Constraint 2, that there must be syntax for removing an attribute, is presumably to be analogous to ../
in relative path URIs. My comment there is: good luck retrofitting that into $EVERYTHING
. You can already do relative URIs with query strings; you just have to supply the entire query string, à la href="?foo=bar"
. In other words, it isn't clear to me what is gained by the ability to prune a path parameter through a relative URI, especially considering what it would cost to realize it.
When I did my original path-parameter work, my motivation stemmed from the fact that I had a bunch of resources that were related in ways that were both purely deterministic, and parametrized, so I was initially looking for a reasonable, less ad-hoc way to generate an addressing scheme. I later came up with the idea that they could represent functions over representations (including things like @Laurian's time slicing). The other cool thing would be that you could develop these filter functions separately from the application.
A side note on parameter sequence: If you really wanted to, you could treat the sequence of query parameters as significant—it's just an (almost universally-held) implementation convention that they aren't. Indeed web browsers append query parameters to form target URIs in the order they appear in the document. (Of course the HTML specs have admonished us for aeons not to bank on that.)
So, I may have read that document 8-9 years ago, I may not have. (I did read several TBL dispatches around then). It's definitely interesting, but in the 20 years since it was slapdashed out, a lot of code has been written.
If the world survived for two decades without matrix parameters as described in that document, then there probably wasn't a serious need for them—as described. The syntax, however, has been sitting patiently all this time waiting for a useful semantics. But then, I suppose to paraphrase Andreessen, "rough consensus and running code wins".
Anyway, for my immediate purposes I will play with URI.parseQuery
on uri.segment()
and I will make a transcoding operation from matrix params to query string format.
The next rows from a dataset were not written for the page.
(* The interiors of the complements of the members of [F] cover [K] unless [F]
   clusters somewhere; a finite subcover contradicts [F] being a filter. *)
Lemma compact_cluster_point (F : (X -> Prop) -> Prop) (K S0 : X -> Prop) :
  is_filter F -> compact K -> F S0 -> (forall x, S0 x -> K x) ->
  exists x, cluster_point F x.
Proof.
  intros HF HK hS0 hS0K. apply NNPP; intros hn.
  destruct (HK {T : X -> Prop | F T} (fun T z => nbhd z (fun y => ~ proj1_sig T y)))
    as [l hl].
  - intros T; apply interior_open.
  - intros x _. apply NNPP; intros hx. apply hn; exists x.
    intros N S hN hS. apply NNPP; intros hNS. apply hx.
    exists (exist _ S hS); simpl.
    destruct hN as [E [hE hN]]. exists E; split; [exact hE|].
    intros y hy hSy. apply hNS; exists y; split; auto.
  - assert (hfin : F (fun x => forall T, In T l -> proj1_sig T x))
      by (apply filter_forall_list; [exact HF | intros T _; exact (proj2_sig T)]).
    destruct (filter_nonempty F _ HF (proj2 (proj2 (proj2 HF)) _ _ hS0 hfin))
      as [w [hw hwl]].
    destruct (hl w (hS0K w hw)) as [T [hT hwT]].
    exact (nbhd_mem X _ _ hwT (hwl T hT)).
Qed.

End ClusterPoints.

Arguments cluster_point {X} F x.

Lemma proper_preproper (X : ubspace) : closure_stable X -> proper X -> preproper X.
Proof.
  intros Hcs Hp A hA E hE.
  destruct (unif_symmetric_half X E hE) as [D [hD [hsym hc]]].
  assert (HK : compact (closure A)) by (apply Hp; [apply Hcs; exact hA | apply closure_closed]).
  destruct (HK {a : X | A a} (fun a z => nbhd z (E (proj1_sig a)))) as [l hl].
  - intros a; apply interior_open.
  - intros x hx. destruct (hx (D x) (entourage_nbhd X D x hD)) as [a [hxa ha]].
    exists (exist _ a ha). exists D; split; [exact hD|].
    intros y hy. apply hc with x; [apply hsym; exact hxa | exact hy].
  - exists (map (@proj1_sig _ _) l). split.
    + intros a ha. apply in_map_iff in ha. destruct ha as [p [<- _]]. exact (proj2_sig p).
    + intros x hx. destruct (hl x (subset_closure X A x hx)) as [p [hp hxp]].
      exists (proj1_sig p). split; [apply in_map; exact hp | exact (nbhd_mem X _ _ hxp)].
Qed.

Lemma proper_cauchy_converges (X : ubspace) (F : (X -> Prop) -> Prop) (S : X -> Prop) :
  closure_stable X -> proper X -> cauchy_filter F -> F S -> bounded S ->
  exists x, filter_converges F x.
Proof.
  intros Hcs Hp HF hS hSb.
  destruct (compact_cluster_point X F (closure S) S (proj1 HF)) as [x hx].
  - apply Hp; [apply Hcs; exact hSb | apply closure_closed].
  - exact hS.
  - apply subset_closure.
  - exists x; apply cauchy_cluster_converges; assumption.
Qed.

Section AvoidingFilters.
Context {T : Type} (I : (T -> Prop) -> Prop).
Hypothesis I_empty : I (fun _ => False).
Hypothesis I_sub : forall S S', I S -> (forall x, S' x -> S x) -> I S'.
Hypothesis I_union : forall S S', I S -> I S' -> I (fun x => S x \/ S' x).

Definition avoiding_filter (F : (T -> Prop) -> Prop) : Prop :=
  (forall S S', F S -> (forall x, S x -> S' x) -> F S') /\
  (forall S S', F S -> F S' -> F (fun x => S x /\ S' x)) /\
  (forall S, F S -> ~ I S).

Definition maximal_avoiding_filter (F : (T -> Prop) -> Prop) : Prop :=
  avoiding_filter F /\
  forall G, avoiding_filter G -> (forall S, F S -> G S) -> forall S, G S -> F S.

Lemma avoiding_filter_chain_union (C : ((T -> Prop) -> Prop) -> Prop) :
  (forall F, C F -> avoiding_filter F) ->
  (forall F G, C F -> C G -> (forall S, F S -> G S) \/ (forall S, G S -> F S)) ->
  avoiding_filter (fun S => exists2 F, C F & F S).
Proof.
  intros HC Htot. split; [|split].
  - intros S S' [F hF hS] hSS'. exists F; [exact hF | exact (proj1 (HC F hF) S S' hS hSS')].
  - intros S S' [F hF hS] [G hG hS'].
    destruct (Htot F G hF hG) as [h | h].
    + exists G; [exact hG | apply (HC G hG); auto].
    + exists F; [exact hF | apply (HC F hF); auto].
  - intros S [F hF hS]. exact (proj2 (proj2 (HC F hF)) S hS).
Qed.

Lemma maximal_avoiding_filter_exists :
  ~ I (fun _ => True) ->
  exists F, maximal_avoiding_filter F /\ F (fun _ => True).
Proof.
  intros Htop.
  destruct (@classical_sets.Zorn_bigcup _ avoiding_filter) as [F [HF Hmax]].
  { intros C HC Htot. apply avoiding_filter_chain_union; [exact HC|].
    intros G H hG hH. exact (Htot G H hG hH). }
  assert (Fmax : forall G, avoiding_filter G -> (forall S, F S -> G S) ->
                 forall S, G S -> F S).
  { intros G HG hFG. apply NNPP; intros hGF. apply (Hmax G); [split | exact HG].
    - exact hFG.
    - intros hsub. apply hGF; exact hsub. }
  exists F. split; [split; assumption|].
  (* [F] could a priori be empty; adjoining the whole space rules this out. *)
  apply (Fmax (fun S => F S \/ forall x, S x)); [split; [|split] | |].
  - intros S S' [hS | hS] hSS'; [left; exact (proj1 HF S S' hS hSS') | right; auto].
  - intros S S' [hS | hS] [hS' | hS'].
    + left; apply HF; assumption.
    + left; apply (proj1 HF) with S; [exact hS | intros x hx; split; auto].
    + left; apply (proj1 HF) with S'; [exact hS' | intros x hx; split; auto].
    + right; intros x; split; auto.
  - intros S [hS | hS] hIS; [exact (proj2 (proj2 HF) S hS hIS) | ].
    apply Htop, I_sub with S; [exact hIS | intros x _; apply hS].
  - intros S hS; left; exact hS.
  - right; trivial.
Qed.

Section Maximal.
Variable F : (T -> Prop) -> Prop.
Hypothesis HF : maximal_avoiding_filter F.
Hypothesis F_top : F (fun _ => True).

Lemma maximal_avoiding_filter_adjoin (S0 : T -> Prop) :
  (forall S, F S -> ~ I (fun x => S x /\ S0 x)) -> F S0.
Proof.
  intros hS0. destruct HF as [[_ [Fint _]] Fmax].
  apply (Fmax (fun U => exists2 S, F S & forall x, S x -> S0 x -> U x)).
  - split; [|split].
    + intros U U' [S hS hU] hUU'. exists S; auto.
    + intros U U' [S hS hU] [S' hS' hU']. exists (fun x => S x /\ S' x).
      * apply Fint; assumption.
      * intros x [h h'] h0; split; auto.
    + intros U [S hS hU] hIU. apply (hS0 S hS).
      apply I_sub with U; [exact hIU | intros x [h h0]; auto].
  - intros S hS. exists S; auto.
  - exists (fun _ => True); auto.
Qed.

Lemma maximal_avoiding_filter_compl (S0 : T -> Prop) :
  ~ F S0 -> F (fun x => ~ S0 x).
Proof.
  intros hnS0. destruct HF as [[_ [Fint Favoid]] _].
  apply maximal_avoiding_filter_adjoin. intros S hS hI. apply hnS0.
  apply maximal_avoiding_filter_adjoin. intros S' hS' hI'.
  apply (Favoid _ (Fint S S' hS hS')).
  apply I_sub with (fun x => (S' x /\ S0 x) \/ (S x /\ ~ S0 x)).
  - apply I_union; assumption.
  - intros x [h h']. destruct (classic (S0 x)); [left | right]; auto.
Qed.

Lemma maximal_avoiding_filter_list_cover (S : T -> Prop) (l : list (T -> Prop)) :
  F S -> (forall x, S x -> exists2 U, In U l & U x) -> exists2 U, In U l & F U.
Proof.
  destruct HF as [[Fup [Fint Favoid]] _].
  revert S. induction l as [|U l IH]; intros S hS hcov.
  - exfalso. apply (Favoid S hS), I_sub with (fun _ => False); [exact I_empty|].
    intros x hx. destruct (hcov x hx) as [U []].
  - destruct (classic (F U)) as [hU | hnU]; [exists U; [left|]; auto|].
    destruct (IH (fun x => S x /\ ~ U x)) as [V hV hFV].
    + apply Fint; [exact hS | apply maximal_avoiding_filter_compl; exact hnU].
    + intros x [hx hnx]. destruct (hcov x hx) as [V [<- | hV] hVx];
        [contradiction | exists V; assumption].
    + exists V; [right|]; assumption.
Qed.

End Maximal.

End AvoidingFilters.

Section CompleteCompact.
Variable X : ubspace.

Lemma maximal_avoiding_filter_cauchy (I : (X -> Prop) -> Prop) (F : (X -> Prop) -> Prop)
  (A : X -> Prop) :
  I (fun _ => False) ->
  (forall S S', I S -> (forall x, S' x -> S x) -> I S') ->
  (forall S S', I S -> I S' -> I (fun x => S x \/ S' x)) ->
  maximal_avoiding_filter I F -> precompact A -> F A -> cauchy_filter F.
Proof.
  intros I_empty I_sub I_union HF hA hFA.
  pose proof HF as [[Fup [Fint Favoid]] _].
  assert (F_top : F (fun _ => True)) by (apply Fup with A; auto).
  split; [split; [exact F_top | split; [|split; assumption]]|].
  - intros hF. exact (Favoid _ hF I_empty).
  - intros E hE. destruct (unif_symmetric_half X E hE) as [D [hD [hsym hc]]].
    destruct (hA D hD) as [la [_ hla]].
    destruct (maximal_avoiding_filter_list_cover I I_empty I_sub I_union F HF F_top A
                (map D la) hFA) as [U hU hFU].
    + intros x hx. destruct (hla x hx) as [a [ha hax]].
      exists (D a); [apply in_map; exact ha | exact hax].
    + apply in_map_iff in hU. destruct hU as [a [<- _]].
      exists (D a). split; [exact hFU|].
      intros x y hx hy. apply hc with a; [apply hsym; exact hx | exact hy].
Qed.

Definition finitely_covered {J : Type} (O : J -> X -> Prop) (A S : X -> Prop) : Prop :=
  exists l : list J, forall x, A x -> S x -> exists j, In j l /\ O j x.

Lemma finitely_covered_empty (J : Type) (O : J -> X -> Prop) (A : X -> Prop) :
  finitely_covered O A (fun _ => False).
Proof. exists nil; intros x _ []. Qed.

Lemma finitely_covered_sub (J : Type) (O : J -> X -> Prop) (A S S' : X -> Prop) :
  finitely_covered O A S -> (forall x, S' x -> S x) -> finitely_covered O A S'.
Proof. intros [l hl] hS'. exists l; auto. Qed.

Lemma finitely_covered_union (J : Type) (O : J -> X -> Prop) (A S S' : X -> Prop) :
  finitely_covered O A S -> finitely_covered O A S' ->
  finitely_covered O A (fun x => S x \/ S' x).
Proof.
  intros [l hl] [l' hl']. exists (l ++ l'). intros x hx [hS | hS'].
  - destruct (hl x hx hS) as [j [hj hxj]]. exists j; split; [apply in_or_app; left|]; auto.
  - destruct (hl' x hx hS') as [j [hj hxj]]. exists j; split; [apply in_or_app; right|]; auto.
Qed.

Lemma complete_precompact_closed_compact (A : X -> Prop) :
  cauchy_complete X -> precompact A -> is_closed A -> compact A.
Proof.
  intros Hc hA hAcl J O hO hcov. apply NNPP; intros hnfin.
  set (I := finitely_covered O A).
  pose proof (finitely_covered_empty J O A) as I_empty.
  pose proof (finitely_covered_sub J O A) as I_sub.
  pose proof (finitely_covered_union J O A) as I_union.
  destruct (maximal_avoiding_filter_exists I I_sub) as [F [HF F_top]].
  { intros [l hl]. apply hnfin. exists l; auto. }
  pose proof HF as [[Fup [Fint Favoid]] _].
  assert (hFA : F A).
  { apply (maximal_avoiding_filter_adjoin I I_sub F HF F_top).
    intros S hS [l hl]. apply (Favoid S hS). exists l. intros x hx hSx. apply hl; auto. }
  destruct (Hc F (maximal_avoiding_filter_cauchy I F A I_empty I_sub I_union HF hA hFA))
    as [x hx].
  assert (hxA : A x).
  { apply hAcl. intros N hN. apply NNPP; intros hNA.
    apply (Favoid _ (Fint N A (hx N hN) hFA)), I_sub with (fun _ => False); [exact I_empty|].
    intros y hy. apply hNA; exists y; exact hy. }
  destruct (hcov x hxA) as [j hxj].
  apply (Favoid (O j) (hx (O j) (hO j x hxj))).
  exists (j :: nil). intros y _ hy. exists j; split; [left|]; auto.
Qed.

End CompleteCompact.

Section Subspace.
Variables (X Y : ubspace) (i : X -> Y).
Hypothesis Hi : ub_subspace X Y i.

Lemma subspace_unif_trace (E : Y -> Y -> Prop) : unif Y E -> unif X (fun a b => E (i a) (i b)).
Proof.
  intros hE. apply (proj1 (proj2 Hi)). exists E; split; [exact hE | intros a b; split; auto].
Qed.

Lemma subspace_bounded_trace (B : Y -> Prop) : bounded B -> bounded (fun a => B (i a)).
Proof.
  intros hB. apply (proj2 (proj2 Hi)). exists B; split; [exact hB | intros a; split; auto].
Qed.

Lemma subspace_nbhd_trace (x : X) (N : Y -> Prop) : nbhd (i x) N -> nbhd x (fun a => N (i a)).
Proof.
  intros [E [hE hN]]. exists (fun a b => E (i a) (i b)).
  split; [apply subspace_unif_trace; exact hE | intros y hy; apply hN, hy].
Qed.

Lemma subspace_image_cauchy (F : (X -> Prop) -> Prop) :
  cauchy_filter F -> cauchy_filter (fun T => F (fun a => T (i a))).
Proof.
  intros [[hT [hF [hup hint]]] hc]. split; [split; [exact hT | split; [exact hF | split]]|].
  - intros S T hS hST. apply hup with (fun a => S (i a)); [exact hS | intros a; apply hST].
  - intros S T hS hT'. exact (hint _ _ hS hT').
  - intros E hE. destruct (hc _ (subspace_unif_trace E hE)) as [S [hS hsmall]].
    exists (fun y => exists a, S a /\ y = i a). split.
    + apply hup with S; [exact hS | intros a ha; exists a; auto].
    + intros y1 y2 [a1 [h1 ->]] [a2 [h2 ->]]. apply hsmall; auto.
Qed.

End Subspace.

Lemma weakly_u_II_compatible_II_compatible (X : ubspace) :
  weakly_u_II_compatible X -> II_compatible X.
Proof.
  intros [Y [i [_ [HY Hi]]]] x. destruct (HY (i x)) as [N [hN hNb]].
  exists (fun a => N (i a)). split.
  - apply (subspace_nbhd_trace X Y i Hi); exact hN.
  - apply (subspace_bounded_trace X Y i Hi); exact hNb.
Qed.

Lemma proper_locally_compact (X : ubspace) :
  closure_stable X -> II_compatible X -> proper X -> locally_compact X.
Proof.
  intros Hcs HII Hp x. destruct (HII x) as [N [hN hNb]].
  exists (closure N). split.
  - destruct hN as [E [hE hN]]. exists E; split; [exact hE|].
    intros y hy; apply subset_closure, hN, hy.
  - apply Hp; [apply Hcs; exact hNb | apply closure_closed].
Qed.

Lemma proper_cauchy_complete (X : ubspace) :
  closure_stable X -> weakly_u_II_compatible X -> proper X -> cauchy_complete X.
Proof.
  intros Hcs [Y [i [HYc [HY Hi]]]] Hp F HF.
  destruct (HYc _ (subspace_image_cauchy X Y i Hi F HF)) as [y hy].
  destruct (HY y) as [N [hN hNb]].
  apply (proper_cauchy_converges X F (fun a => N (i a)) Hcs Hp HF).
  - exact (hy N hN).
  - apply (subspace_bounded_trace X Y i Hi); exact hNb.
Qed.

Theorem mainTheorem8 (X : ubspace) :
  closure_stable X -> weakly_u_II_compatible X ->
  (proper X <-> cauchy_complete X /\ preproper X) /\
  (proper X -> locally_compact X).
Proof.
  intros Hcs Hw. split; [split|].
  - intros Hp. split; [apply proper_cauchy_complete | apply proper_preproper]; assumption.
  - intros [Hc Hpp] A hA hAcl.
    apply complete_precompact_closed_compact; [exact Hc | apply Hpp; exact hA | exact hAcl].
  - apply proper_locally_compact;
      [exact Hcs | apply weakly_u_II_compatible_II_compatible; exact Hw].
Qed.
I will report back.
Hi guys, I recently had to use matrix URIs at my internship. I found this particular thread extremely informative. Seeing that there wasn't much support out there for Matrix URIs in Node, I've developed an express-compliant npm module (matrix-parser) for this purpose.
Its fully functional (although not optimized, but I'm working on it) and I've tried my best to implement the rules discussed by @rodneyrehm and @cowwoc. Since I'm not so experienced with JS, I'd appreciate if you could have a look at the module and give me feedback.
I've written lots of tests to cover side-cases, you can see their descriptions to understand what rules I'm following.
If you think that this is something URI.js could use, please let me know. I'd like to make a contribution to this repo as well :)
One of my colleague is trying to passing an ISO timestamp value to the server which I developed.
For following paths
.../someThings;min=yyyy-MM-ddTHH:mm:ssZ/someOtherThings
The colons of the time part, HH:mm:ss
, is escaping.
Can anybody please help me to help him?